### Work to complete:
The string "which" appears in some lines of the entries that follow; copy each such line.

Stored items
•••

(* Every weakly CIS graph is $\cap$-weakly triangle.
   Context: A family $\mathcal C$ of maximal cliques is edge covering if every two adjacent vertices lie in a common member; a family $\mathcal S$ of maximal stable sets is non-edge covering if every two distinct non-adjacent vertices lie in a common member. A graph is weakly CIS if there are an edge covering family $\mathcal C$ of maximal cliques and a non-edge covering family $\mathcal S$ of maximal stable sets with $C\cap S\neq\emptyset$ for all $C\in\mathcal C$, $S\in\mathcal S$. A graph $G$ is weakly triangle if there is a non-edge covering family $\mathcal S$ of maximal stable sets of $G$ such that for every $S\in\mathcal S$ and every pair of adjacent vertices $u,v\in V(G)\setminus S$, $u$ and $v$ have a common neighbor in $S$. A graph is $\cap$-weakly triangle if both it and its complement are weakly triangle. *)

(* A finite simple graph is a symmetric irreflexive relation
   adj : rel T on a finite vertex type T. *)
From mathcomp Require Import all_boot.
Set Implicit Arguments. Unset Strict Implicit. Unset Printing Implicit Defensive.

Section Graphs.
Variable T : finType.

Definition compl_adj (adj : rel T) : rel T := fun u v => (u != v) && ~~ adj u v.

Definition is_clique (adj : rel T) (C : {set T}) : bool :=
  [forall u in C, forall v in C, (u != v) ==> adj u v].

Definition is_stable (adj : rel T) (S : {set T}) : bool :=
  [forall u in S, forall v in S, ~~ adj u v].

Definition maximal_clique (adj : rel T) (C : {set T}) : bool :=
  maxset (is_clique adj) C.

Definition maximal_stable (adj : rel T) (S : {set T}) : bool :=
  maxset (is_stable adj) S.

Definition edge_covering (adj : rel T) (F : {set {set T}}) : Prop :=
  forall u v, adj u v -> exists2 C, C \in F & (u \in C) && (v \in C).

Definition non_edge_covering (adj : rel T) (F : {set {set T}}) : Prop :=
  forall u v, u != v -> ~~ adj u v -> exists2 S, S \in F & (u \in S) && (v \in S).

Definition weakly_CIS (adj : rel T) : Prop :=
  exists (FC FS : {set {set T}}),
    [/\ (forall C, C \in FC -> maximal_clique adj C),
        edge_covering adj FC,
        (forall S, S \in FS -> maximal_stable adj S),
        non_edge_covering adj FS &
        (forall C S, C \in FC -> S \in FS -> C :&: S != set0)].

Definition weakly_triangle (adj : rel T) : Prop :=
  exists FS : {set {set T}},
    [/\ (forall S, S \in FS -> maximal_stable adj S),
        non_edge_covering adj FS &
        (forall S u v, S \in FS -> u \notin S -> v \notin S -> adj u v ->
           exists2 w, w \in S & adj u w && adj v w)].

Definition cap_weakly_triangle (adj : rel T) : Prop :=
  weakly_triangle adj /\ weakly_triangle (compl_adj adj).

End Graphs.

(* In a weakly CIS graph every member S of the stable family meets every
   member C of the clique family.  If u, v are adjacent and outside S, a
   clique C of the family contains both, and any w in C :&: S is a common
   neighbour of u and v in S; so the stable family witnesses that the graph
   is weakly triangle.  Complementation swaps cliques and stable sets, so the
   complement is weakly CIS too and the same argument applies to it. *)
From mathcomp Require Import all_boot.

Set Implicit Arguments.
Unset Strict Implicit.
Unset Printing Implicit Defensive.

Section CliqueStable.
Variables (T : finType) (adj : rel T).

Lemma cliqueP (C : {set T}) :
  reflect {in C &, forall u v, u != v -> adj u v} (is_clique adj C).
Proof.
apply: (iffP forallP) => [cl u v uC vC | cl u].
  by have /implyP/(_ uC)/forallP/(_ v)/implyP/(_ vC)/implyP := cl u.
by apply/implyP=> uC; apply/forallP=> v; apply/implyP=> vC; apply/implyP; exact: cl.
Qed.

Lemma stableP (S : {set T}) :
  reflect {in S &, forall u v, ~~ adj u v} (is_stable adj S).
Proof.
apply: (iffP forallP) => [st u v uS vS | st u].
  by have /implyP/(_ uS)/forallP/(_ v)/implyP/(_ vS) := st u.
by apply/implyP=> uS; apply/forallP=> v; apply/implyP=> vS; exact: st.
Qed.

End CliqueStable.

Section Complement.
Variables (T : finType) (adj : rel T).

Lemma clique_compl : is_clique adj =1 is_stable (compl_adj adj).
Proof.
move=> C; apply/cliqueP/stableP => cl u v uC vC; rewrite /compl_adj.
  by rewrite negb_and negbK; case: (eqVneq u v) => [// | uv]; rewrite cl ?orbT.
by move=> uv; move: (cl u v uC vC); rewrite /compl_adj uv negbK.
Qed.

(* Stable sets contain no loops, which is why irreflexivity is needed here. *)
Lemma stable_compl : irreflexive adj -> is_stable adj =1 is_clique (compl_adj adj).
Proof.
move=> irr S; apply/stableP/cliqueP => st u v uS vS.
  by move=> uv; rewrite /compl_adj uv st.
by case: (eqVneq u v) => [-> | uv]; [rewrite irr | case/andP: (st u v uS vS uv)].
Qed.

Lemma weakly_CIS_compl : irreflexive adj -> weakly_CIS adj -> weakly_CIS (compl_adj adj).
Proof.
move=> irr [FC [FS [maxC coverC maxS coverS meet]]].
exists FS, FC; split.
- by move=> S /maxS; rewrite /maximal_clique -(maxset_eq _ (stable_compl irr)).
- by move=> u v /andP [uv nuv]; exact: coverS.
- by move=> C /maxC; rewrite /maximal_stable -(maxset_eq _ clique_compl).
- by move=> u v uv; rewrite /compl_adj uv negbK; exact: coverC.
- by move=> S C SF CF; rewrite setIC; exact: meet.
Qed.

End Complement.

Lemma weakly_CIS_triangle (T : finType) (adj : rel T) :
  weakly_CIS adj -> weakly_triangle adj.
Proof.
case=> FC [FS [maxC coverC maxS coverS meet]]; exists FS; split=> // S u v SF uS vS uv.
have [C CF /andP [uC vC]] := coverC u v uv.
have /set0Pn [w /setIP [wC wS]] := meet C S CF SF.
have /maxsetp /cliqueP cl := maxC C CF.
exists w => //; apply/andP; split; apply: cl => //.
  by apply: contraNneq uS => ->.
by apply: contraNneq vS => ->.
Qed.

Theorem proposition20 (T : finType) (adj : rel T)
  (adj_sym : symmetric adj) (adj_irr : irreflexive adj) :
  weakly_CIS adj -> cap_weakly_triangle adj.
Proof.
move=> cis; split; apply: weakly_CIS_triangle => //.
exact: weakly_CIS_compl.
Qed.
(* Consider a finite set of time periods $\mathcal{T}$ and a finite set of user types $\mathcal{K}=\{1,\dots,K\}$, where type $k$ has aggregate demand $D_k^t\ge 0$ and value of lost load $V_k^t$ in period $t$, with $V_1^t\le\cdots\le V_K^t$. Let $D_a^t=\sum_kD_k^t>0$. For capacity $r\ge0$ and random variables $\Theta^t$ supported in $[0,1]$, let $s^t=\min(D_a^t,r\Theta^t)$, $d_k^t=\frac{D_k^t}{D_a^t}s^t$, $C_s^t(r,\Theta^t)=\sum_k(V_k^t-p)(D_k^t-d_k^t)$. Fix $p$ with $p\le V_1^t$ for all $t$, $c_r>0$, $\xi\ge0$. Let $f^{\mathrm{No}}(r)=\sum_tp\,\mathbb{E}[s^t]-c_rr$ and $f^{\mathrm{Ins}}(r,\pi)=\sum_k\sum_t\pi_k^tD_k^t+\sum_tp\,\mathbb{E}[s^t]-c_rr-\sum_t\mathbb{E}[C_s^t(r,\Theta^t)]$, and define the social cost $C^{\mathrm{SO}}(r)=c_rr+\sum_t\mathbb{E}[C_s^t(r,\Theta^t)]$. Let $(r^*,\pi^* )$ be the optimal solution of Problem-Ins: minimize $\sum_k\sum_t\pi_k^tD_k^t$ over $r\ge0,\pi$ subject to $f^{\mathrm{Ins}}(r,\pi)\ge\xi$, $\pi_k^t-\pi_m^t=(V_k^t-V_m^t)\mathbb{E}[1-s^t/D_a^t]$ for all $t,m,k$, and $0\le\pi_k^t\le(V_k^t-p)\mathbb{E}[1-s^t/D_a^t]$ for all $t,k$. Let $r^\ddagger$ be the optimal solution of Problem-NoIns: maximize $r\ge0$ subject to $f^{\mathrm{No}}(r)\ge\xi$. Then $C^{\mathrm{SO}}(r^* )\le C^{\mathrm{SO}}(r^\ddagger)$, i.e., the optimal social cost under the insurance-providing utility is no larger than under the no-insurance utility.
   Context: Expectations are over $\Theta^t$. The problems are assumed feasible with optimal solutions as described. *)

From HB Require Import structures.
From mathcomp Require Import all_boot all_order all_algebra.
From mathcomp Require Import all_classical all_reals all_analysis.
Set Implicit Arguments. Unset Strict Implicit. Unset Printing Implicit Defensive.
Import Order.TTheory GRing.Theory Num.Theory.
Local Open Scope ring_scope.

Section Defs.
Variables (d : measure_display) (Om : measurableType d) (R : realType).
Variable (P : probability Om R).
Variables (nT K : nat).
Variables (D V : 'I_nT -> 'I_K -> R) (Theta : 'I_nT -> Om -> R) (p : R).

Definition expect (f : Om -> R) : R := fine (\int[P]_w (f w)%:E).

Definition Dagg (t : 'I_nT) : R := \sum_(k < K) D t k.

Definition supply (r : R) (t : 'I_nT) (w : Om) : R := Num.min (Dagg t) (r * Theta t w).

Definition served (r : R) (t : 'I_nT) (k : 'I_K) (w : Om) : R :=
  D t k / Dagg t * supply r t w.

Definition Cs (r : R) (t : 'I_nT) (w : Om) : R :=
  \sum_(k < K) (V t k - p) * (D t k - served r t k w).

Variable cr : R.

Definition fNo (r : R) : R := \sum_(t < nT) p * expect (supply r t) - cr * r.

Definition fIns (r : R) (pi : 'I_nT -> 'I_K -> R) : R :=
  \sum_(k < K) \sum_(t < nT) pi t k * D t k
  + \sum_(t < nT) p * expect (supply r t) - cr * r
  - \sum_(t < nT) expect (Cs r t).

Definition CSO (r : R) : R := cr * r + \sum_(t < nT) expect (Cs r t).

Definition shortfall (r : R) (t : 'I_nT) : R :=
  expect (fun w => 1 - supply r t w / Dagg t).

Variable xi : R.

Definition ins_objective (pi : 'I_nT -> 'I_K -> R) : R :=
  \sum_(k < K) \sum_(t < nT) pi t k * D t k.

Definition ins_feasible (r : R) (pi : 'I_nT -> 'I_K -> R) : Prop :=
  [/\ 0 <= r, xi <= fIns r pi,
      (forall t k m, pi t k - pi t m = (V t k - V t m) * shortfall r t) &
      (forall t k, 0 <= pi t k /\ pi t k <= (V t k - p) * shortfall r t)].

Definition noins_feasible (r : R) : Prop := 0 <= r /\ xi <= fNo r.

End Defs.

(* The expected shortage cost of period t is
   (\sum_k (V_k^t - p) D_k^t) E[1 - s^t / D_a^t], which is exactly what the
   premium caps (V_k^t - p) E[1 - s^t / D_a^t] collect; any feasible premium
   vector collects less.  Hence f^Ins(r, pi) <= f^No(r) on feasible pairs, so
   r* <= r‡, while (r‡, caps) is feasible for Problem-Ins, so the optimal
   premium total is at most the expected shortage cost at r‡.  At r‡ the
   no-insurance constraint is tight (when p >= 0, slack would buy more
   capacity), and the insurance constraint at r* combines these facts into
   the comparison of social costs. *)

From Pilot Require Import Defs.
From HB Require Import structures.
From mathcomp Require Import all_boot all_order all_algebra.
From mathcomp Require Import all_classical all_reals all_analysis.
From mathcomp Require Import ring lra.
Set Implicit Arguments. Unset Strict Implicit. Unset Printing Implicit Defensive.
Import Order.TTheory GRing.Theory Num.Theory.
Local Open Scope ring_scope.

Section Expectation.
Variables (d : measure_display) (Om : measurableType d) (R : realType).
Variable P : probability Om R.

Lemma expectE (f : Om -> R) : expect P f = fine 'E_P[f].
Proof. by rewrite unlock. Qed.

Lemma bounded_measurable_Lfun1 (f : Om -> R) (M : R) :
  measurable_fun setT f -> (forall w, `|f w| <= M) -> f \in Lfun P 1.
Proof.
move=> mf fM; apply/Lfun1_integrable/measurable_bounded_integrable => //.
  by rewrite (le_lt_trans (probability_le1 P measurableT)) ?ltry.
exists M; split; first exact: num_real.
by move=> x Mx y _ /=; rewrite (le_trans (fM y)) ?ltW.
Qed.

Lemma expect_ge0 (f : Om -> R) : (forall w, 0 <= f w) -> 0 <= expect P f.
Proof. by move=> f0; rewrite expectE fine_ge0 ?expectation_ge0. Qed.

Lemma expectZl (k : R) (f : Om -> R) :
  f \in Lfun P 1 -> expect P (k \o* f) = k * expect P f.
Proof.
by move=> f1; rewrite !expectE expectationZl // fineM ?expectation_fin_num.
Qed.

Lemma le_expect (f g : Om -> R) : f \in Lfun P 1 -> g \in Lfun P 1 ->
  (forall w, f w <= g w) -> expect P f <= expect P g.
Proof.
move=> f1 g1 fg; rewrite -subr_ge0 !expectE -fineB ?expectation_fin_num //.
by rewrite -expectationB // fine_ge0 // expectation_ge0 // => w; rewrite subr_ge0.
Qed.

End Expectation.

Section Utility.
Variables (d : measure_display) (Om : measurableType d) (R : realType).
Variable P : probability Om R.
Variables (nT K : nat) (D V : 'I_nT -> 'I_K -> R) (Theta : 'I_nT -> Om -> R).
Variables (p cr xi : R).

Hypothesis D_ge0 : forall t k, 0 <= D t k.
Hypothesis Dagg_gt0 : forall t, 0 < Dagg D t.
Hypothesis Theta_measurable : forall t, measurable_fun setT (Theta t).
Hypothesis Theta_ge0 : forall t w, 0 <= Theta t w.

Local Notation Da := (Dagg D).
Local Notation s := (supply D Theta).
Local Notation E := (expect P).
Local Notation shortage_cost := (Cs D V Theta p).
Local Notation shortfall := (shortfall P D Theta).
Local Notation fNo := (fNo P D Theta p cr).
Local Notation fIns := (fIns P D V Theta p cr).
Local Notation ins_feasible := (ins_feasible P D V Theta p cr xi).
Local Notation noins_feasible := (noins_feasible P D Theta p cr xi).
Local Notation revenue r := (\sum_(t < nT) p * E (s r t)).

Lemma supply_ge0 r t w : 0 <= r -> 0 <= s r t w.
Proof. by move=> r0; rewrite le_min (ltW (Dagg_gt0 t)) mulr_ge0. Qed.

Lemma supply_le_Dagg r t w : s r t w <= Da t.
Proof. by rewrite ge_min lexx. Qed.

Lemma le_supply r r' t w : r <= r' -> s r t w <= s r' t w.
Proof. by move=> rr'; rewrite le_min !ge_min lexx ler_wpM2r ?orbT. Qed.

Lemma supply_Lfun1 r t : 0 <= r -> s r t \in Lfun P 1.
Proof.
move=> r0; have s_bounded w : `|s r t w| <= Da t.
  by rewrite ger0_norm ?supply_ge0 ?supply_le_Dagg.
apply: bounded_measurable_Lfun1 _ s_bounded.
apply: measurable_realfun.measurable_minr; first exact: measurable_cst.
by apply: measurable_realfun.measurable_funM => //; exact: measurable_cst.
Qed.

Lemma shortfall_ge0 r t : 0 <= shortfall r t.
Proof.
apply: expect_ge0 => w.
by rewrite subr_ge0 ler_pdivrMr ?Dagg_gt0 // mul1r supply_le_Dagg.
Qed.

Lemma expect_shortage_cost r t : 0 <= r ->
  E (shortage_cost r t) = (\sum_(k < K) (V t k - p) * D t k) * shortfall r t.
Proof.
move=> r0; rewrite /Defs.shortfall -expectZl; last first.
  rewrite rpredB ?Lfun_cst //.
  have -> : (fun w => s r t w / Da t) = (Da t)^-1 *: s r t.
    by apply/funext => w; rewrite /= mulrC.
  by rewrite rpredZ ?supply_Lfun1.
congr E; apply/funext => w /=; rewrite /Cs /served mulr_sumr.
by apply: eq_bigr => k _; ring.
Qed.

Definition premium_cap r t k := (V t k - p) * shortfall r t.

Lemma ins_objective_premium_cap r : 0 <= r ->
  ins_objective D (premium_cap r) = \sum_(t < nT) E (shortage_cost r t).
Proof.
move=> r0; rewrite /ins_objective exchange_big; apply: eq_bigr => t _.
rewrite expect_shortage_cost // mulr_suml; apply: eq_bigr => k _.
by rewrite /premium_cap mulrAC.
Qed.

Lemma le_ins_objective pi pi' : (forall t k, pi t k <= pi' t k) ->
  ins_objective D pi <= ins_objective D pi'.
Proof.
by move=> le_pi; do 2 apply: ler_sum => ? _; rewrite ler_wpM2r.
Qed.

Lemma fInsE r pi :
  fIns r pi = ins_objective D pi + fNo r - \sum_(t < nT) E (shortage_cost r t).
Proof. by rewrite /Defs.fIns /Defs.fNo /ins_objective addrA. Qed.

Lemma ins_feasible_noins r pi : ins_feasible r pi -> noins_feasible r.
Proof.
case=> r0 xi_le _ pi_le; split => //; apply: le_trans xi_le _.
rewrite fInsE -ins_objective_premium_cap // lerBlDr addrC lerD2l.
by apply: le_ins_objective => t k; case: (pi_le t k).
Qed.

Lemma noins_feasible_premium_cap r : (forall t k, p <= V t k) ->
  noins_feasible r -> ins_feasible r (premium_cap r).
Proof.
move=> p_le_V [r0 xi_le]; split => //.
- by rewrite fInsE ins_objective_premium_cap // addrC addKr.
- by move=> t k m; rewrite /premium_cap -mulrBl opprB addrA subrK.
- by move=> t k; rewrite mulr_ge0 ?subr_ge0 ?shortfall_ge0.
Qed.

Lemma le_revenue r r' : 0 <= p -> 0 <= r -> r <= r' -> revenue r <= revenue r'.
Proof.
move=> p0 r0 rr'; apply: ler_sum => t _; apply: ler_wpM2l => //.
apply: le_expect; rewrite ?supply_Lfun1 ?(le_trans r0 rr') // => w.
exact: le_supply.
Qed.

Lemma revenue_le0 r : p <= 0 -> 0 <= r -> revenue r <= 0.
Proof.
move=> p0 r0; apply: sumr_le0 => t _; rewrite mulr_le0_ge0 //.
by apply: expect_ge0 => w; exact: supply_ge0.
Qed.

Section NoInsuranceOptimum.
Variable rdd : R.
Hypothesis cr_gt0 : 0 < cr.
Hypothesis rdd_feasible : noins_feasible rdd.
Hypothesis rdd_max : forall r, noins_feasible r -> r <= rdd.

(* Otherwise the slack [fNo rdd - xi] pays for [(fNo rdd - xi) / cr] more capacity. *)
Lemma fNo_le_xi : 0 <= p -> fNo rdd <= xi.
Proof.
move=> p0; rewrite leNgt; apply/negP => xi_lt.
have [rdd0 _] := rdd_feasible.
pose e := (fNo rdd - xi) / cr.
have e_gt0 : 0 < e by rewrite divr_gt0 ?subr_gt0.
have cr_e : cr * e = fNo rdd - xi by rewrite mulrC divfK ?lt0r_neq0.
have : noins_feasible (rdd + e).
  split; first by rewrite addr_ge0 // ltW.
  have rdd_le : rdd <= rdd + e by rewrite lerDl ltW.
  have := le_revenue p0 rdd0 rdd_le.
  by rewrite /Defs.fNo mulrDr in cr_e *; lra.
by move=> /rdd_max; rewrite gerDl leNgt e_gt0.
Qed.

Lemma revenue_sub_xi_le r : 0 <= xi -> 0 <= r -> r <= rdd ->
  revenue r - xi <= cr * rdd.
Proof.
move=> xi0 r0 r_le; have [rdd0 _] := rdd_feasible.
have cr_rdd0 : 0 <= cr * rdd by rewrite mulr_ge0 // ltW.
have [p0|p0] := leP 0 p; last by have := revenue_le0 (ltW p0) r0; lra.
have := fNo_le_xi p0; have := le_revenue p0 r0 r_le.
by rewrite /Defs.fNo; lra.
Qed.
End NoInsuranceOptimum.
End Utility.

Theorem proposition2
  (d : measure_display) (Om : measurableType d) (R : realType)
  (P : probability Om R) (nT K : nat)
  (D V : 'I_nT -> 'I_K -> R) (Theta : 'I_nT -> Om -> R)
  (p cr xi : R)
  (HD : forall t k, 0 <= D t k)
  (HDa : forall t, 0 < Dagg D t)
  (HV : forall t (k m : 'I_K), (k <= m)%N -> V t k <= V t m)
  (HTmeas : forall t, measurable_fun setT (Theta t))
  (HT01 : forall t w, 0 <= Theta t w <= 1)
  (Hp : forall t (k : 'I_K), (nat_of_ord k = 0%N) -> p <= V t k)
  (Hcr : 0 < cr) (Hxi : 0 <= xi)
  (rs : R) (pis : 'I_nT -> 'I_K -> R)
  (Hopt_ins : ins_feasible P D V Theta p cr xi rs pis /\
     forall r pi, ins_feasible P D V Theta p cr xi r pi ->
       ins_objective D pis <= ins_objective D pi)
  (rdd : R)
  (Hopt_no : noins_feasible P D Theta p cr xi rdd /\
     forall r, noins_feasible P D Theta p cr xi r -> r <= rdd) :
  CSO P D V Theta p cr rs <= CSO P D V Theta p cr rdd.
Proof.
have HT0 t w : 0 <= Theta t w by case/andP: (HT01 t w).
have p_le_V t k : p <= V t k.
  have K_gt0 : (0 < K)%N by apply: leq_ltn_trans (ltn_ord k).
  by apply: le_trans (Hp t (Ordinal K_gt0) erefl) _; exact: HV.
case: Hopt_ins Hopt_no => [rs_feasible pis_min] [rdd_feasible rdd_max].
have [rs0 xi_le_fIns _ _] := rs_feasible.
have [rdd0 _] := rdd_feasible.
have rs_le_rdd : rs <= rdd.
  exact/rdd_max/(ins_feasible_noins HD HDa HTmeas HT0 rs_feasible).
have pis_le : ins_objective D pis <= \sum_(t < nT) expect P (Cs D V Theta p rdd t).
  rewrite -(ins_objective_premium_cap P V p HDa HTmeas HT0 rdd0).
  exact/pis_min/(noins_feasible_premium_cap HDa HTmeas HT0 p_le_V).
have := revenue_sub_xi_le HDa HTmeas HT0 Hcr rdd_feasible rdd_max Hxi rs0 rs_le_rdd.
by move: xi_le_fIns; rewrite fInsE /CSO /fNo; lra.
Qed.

•••

### Response area:
(* Stable sets contain no loops, which is why irreflexivity is needed here. *)
   (\sum_k (V_k^t - p) D_k^t) E[1 - s^t / D_a^t], which is exactly what the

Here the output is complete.